A countersink resembles a type of drill that is used for countersinking. The operation is similar to countersinking, but the final task differs. The countersinking procedure is needed in situations where there is a need to form rounded recesses to hide the marks of the fastener heads.

The cultivation of parts by countersinking is considered a semi-finishing method, and is carried out before the deployment operation.

According to the design of the countersinks, they are divided into:

• Rounded;
• Conical.

A separate category includes countersinks consisting of hard alloys. They are used as grinding actions. To process openings and remove chamfers in difficult areas, another type of tool is used - a reverse countersink. To ensure the necessary processing of metal products and wood, it is recommended to purchase a countersinking kit rather than using individual tools.

The structure of the cone-type countersinks accommodates the shank and the operated element, with an angular index of 60, 75, 90 and 120 degrees. The number of teeth varies from 6 to 12 units, depending on the diameter of the tool.

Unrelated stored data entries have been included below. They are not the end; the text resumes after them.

(* The weight of an edge is a Laurent monomial in the generators x_u (u inner), and two
   generators q-commute: x_u x_v = q^c(u,v) x_v x_u, where c(u,v) is the sign of the
   horizontal (resp. vertical) displacement from u to v when u and v share a row (resp. a
   column), and 0 otherwise.  Hence w(P) w(Q) = q^S w(Q) w(P), where S is the pairing of the
   exponents of P and Q through c, and it remains to show S = 1.
   The row part of S vanishes edge by edge: H-edges of P and Q in a common row span disjoint
   intervals, so c is constant on their endpoints and the pairing is a multiple of the product
   of the degrees of the two monomials, which vanishes unless both edges leave a source, which
   weak intersection forbids.  The column part telescopes along both paths to
   c_V(t_P, t_Q) - #(V-edges of P entering t_Q) + #(V-edges of Q entering t_P).  Following Q
   from a point where it is above P shows that Q can only come down to P at its end, so either
   t_P lies strictly below t_Q, or t_P = t_Q is entered by a V-edge of Q; in both cases the
   column part is 1. *)

(** * q-commuting elements *)

Section QCommute.
Variables (K : fieldType) (A : unitAlgType K) (q : K).
Hypothesis q_neq0 : q != 0.

Definition qcommute (a b : A) (k : int) := a * b = q ^ k *: (b * a).

Lemma qcommute1l b : qcommute 1 b 0.
Proof. by rewrite /qcommute expr0z scale1r mul1r mulr1. Qed.

Lemma qcommute_sym a b k : qcommute a b k -> qcommute b a (- k).
Proof. by rewrite /qcommute => ->; rewrite scalerA -expfzDr // addNr expr0z scale1r. Qed.

Lemma qcommute1r a : qcommute a 1 0.
Proof. by rewrite -oppr0; apply: qcommute_sym; apply: qcommute1l. Qed.

Lemma qcommuteMl a1 a2 b k1 k2 :
  qcommute a1 b k1 -> qcommute a2 b k2 -> qcommute (a1 * a2) b (k1 + k2).
Proof.
rewrite /qcommute => h1 h2.
rewrite -mulrA h2 -scalerAr [a1 * (b * a2)]mulrA h1 -scalerAl scalerA.
by rewrite expfzDr // mulrC !mulrA.
Qed.

Lemma qcommuteMr a b1 b2 k1 k2 :
  qcommute a b1 k1 -> qcommute a b2 k2 -> qcommute a (b1 * b2) (k1 + k2).
Proof.
move=> h1 h2; rewrite -(opprK (k1 + k2)) opprD; apply: qcommute_sym.
exact: qcommuteMl (qcommute_sym h1) (qcommute_sym h2).
Qed.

To ensure the alignment of the cultivated opening, a trunnion is used.

The rounded countersink has a wear-resistant coating. This mechanism is used for chamfer cutting. In design, it resembles a drill, but has a large number of blades - from 4 to 10, it all depends on the diameter of the device. There is a guiding pin at the end of the element. With its help, the position of the tools during operation is recorded. The trunnion can be detachable or integral. In practice, devices with detachable pins are used due to ease of use. You can also attach an attachment cutter to the countersink.

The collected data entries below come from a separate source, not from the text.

Theorem corollary1 (R : realType) (c : nat) (hc : (0 < c)%N) :
  exists C : R, exists k : nat, 0 < C /\
    forall (sigma r : nat) (X : {set key c sigma}), (0 < #|X|)%N ->
      `|exp_image R r X - mu0 R (2 ^ r) #|X| | / mu0 R (2 ^ r) #|X|
        <= C * (r.+1)%:R ^+ k * powR ((2 ^ r)%:R) (- (c%:R)^-1).
Proof.
case: c hc => // c' _; exists 6, 2%N; split => // sigma r X X_gt0.
have n_gt0 := n_gt0 R r.
have Q_lt1 : (1 - (2 ^ r)%:R^-1) ^+ #|X| < 1 :> R.
  case/andP: (inv_n_01 R r) => x0 x1.
  by rewrite exprn_ilt1 ?subr_ge0 // -?lt0n // gtrBl invr_gt0.
rewrite exp_image_empty_prob /mu0 -mulrBr normrM (ger0_norm (ltW n_gt0)).
rewrite ler_pdivrMr ?mulr_gt0 ?subr_gt0 // mulrCA ler_pM2l // -mulrA.
by rewrite (addrC 1) addrKA opprK addrC distrC empty_prob_dist_le.
Qed.
(* Consider the asynchronous network Newton method described in the context with $0<\varepsilon\le1$, let $t\ge1$, and set $Q(t-1)=\big(D(t-1)^{-1/2}BD(t-1)^{-1/2}\big)^2$. Then for any $y\in\mathbb{R}^n$ that is $\mathcal{F}_{t-1}$-measurable, $$\mathbb{E}\Big[\big\|\big(I-\varepsilon\Phi(t)+\varepsilon\Phi(t)Q(t-1)\big)y\big\|\;\Big|\;\mathcal{F}_{t-1}\Big]\le\Gamma_2\|y\|,\qquad \Gamma_2=\left(\frac{n-1+(1-\varepsilon+\varepsilon\rho^2)^2}{n}\right)^{1/2}<1 .$$
   Context: Setup. Let $n\ge 1$ be the number of agents and $\alpha>0$ a scalar. $W\in\mathbb{R}^{n\times n}$ is a symmetric nonnegative matrix with $W\mathbb{1}=\mathbb{1}$ (where $\mathbb{1}$ is the all-ones vector), $\mathrm{null}(I-W)=\mathrm{span}\{\mathbb{1}\}$, $0\le W_{ij}<1$ for all $i,j$, and $\delta\le W_{ii}\le\Delta$ for all $i$, for constants $0<\delta\le\Delta<1$. Each $f_i:\mathbb{R}\to\mathbb{R}$ is twice continuously differentiable with $0<m\le f_i''(s)\le M<\infty$ for all $s$ and $|f_i''(a)-f_i''(b)|\le L|a-b|$ for all $a,b$. Define $F(x)=\frac12 x^T(I-W)x+\alpha\sum_{i=1}^n f_i(x_i)$ for $x\in\mathbb{R}^n$, with minimum value $F^*$ and minimizer $x^*$. Let $g(x)=\nabla F(x)$, $G(x)=\mathrm{diag}(f_1''(x_1),\dots,f_n''(x_n))$, $H(x)=\nabla^2F(x)=I-W+\alpha G(x)$. Let $W_d$ be the diagonal matrix with $[W_d]_{ii}=W_{ii}$, and set $D(x)=\alpha G(x)+2(I-W_d)$ (diagonal, positive definite) and $B=I-2W_d+W$, so $H(x)=D(x)-B$. Define the approximate Hessian inverse $\hat H(x)^{-1}=D(x)^{-1/2}\big(I+D(x)^{-1/2}BD(x)^{-1/2}\big)D(x)^{-1/2}$. Constants: $\rho=\frac{2(1-\delta)}{2(1-\delta)+\alpha m}$, $\Lambda=\frac{1+\rho}{2(1-\Delta)+\alpha m}$, $\lambda=\frac{1}{2(1-\delta)+\alpha M}$. Algorithm (asynchronous network Newton). Given $x(0)\in\mathbb{R}^n$ and stepsize $\varepsilon>0$, let $\Phi(1),\Phi(2),\dots$ be i.i.d. random diagonal $n\times n$ matrices, each equal to $e_ie_i^T$ (the matrix with a single $1$ in position $(i,i)$ and zeros elsewhere) with probability $1/n$ for each $i=1,\dots,n$ (i.e., one uniformly random agent is active per iteration). The iterates are $x(t)=x(t-1)-\varepsilon\,\Phi(t)\hat H(x(t-1))^{-1}g(x(t-1))$, $t\ge1$. Write $g(t)=g(x(t))$, $D(t)=D(x(t))$, $H(t)=H(x(t))$, $\hat H(t)^{-1}=\hat H(x(t))^{-1}$. $\mathcal{F}_t$ denotes the $\sigma$-field generated by $\Phi(1),\dots,\Phi(t)$ (so $x(t)$ is $\mathcal{F}_t$-measurable). *)

(* Stdlib Reals (derivatives of the f_i are needed). Vectors in R^n are
   functions nat -> R (entries 0..n-1 used), n x n matrices are nat -> nat -> R.
   Agents are indexed 0..n-1. *)
From Stdlib Require Import Reals Lra Lia Arith Bool.
Open Scope R_scope.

To process several openings into equal recesses, you should use a countersink with holders, which includes various stops. When processing a product, the cutting element is installed in the holder and moves out of the stop by an amount equal to the recess of the opening.

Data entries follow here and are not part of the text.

Lemma small_add e e' x y : small e x -> small e' y -> small (lc_add e e') (lc_add x y).
Proof.
move=> [xe ex] [ye ey]; split; first exact: llt_add.
by apply: (llt_congr (llt_add ex ey)) => r //=; ring.
Qed.

Lemma small_le e e' x : small e x -> lc_le e e' -> small e' x.
Proof.
move=> [xe ex] ee'; split; first exact: llt_le_trans xe ee'.
exact: lle_lt_trans (lle_opp ee') ex.
Qed.

Lemma small_opp e x : small e x -> small e (lc_opp x).
Proof.
move=> [xe ex]; split; last exact: llt_opp.
by apply: (llt_congr (llt_opp ex)) => r //=; ring.
Qed.

Lemma small0 e : lc_lt z0 e -> small e z0.
Proof. by move=> e_gt0; split => //; apply: (llt_congr (llt_opp e_gt0)) => r //=; ring. Qed.

Lemma small_congr e x x' : small e x -> (forall r, lc_val x r = lc_val x' r) -> small e x'.
Proof. by move=> h /lc_ext <-. Qed.

Lemma lc_half e : lc_lt z0 e -> exists2 h, lc_lt z0 h & lc_lt (lc_add h h) e.
Proof.
move=> e_gt0; have [q bound] := gt0_bounds_vanishing e_gt0.
exists (monomial q); first exact: monomial_gt0.
have [] := bound (lc_add (monomial q) (monomial q)) => // r rq /=.
by rewrite (lt_eqF rq) addr0.
Qed.

End Smallness.

Section Convergence.
Variable R : realType.
Local Notation LC := (LC R).
Local Notation z0 := (lc0 R).
Implicit Types c e h l x : LC.
Implicit Types u v : nat -> LC.

Definition cvg_eps u l := forall e, lc_lt z0 e ->
  exists N, forall n, (N <= n)%N -> small e (lc_sub (u n) l).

Countersinks are made from various types of steel, including carbide. Tools made of carbide alloys are excellent for processing metal parts, as they can withstand extreme loads for a long time. For processing products made of non-ferrous metal alloy or wood, devices made of high-speed steel are used, since it is subjected to minor loads. It is worth noting that when processing, for example, cast iron products, it is necessary to introduce additional cooling of the tools. For this purpose, special emulsion compositions are used.

The principle of countersinking metal products

When processing an opening created in a part during its casting, it is recommended to bore it several millimeters deep at once so that the countersink selects the correct initial direction.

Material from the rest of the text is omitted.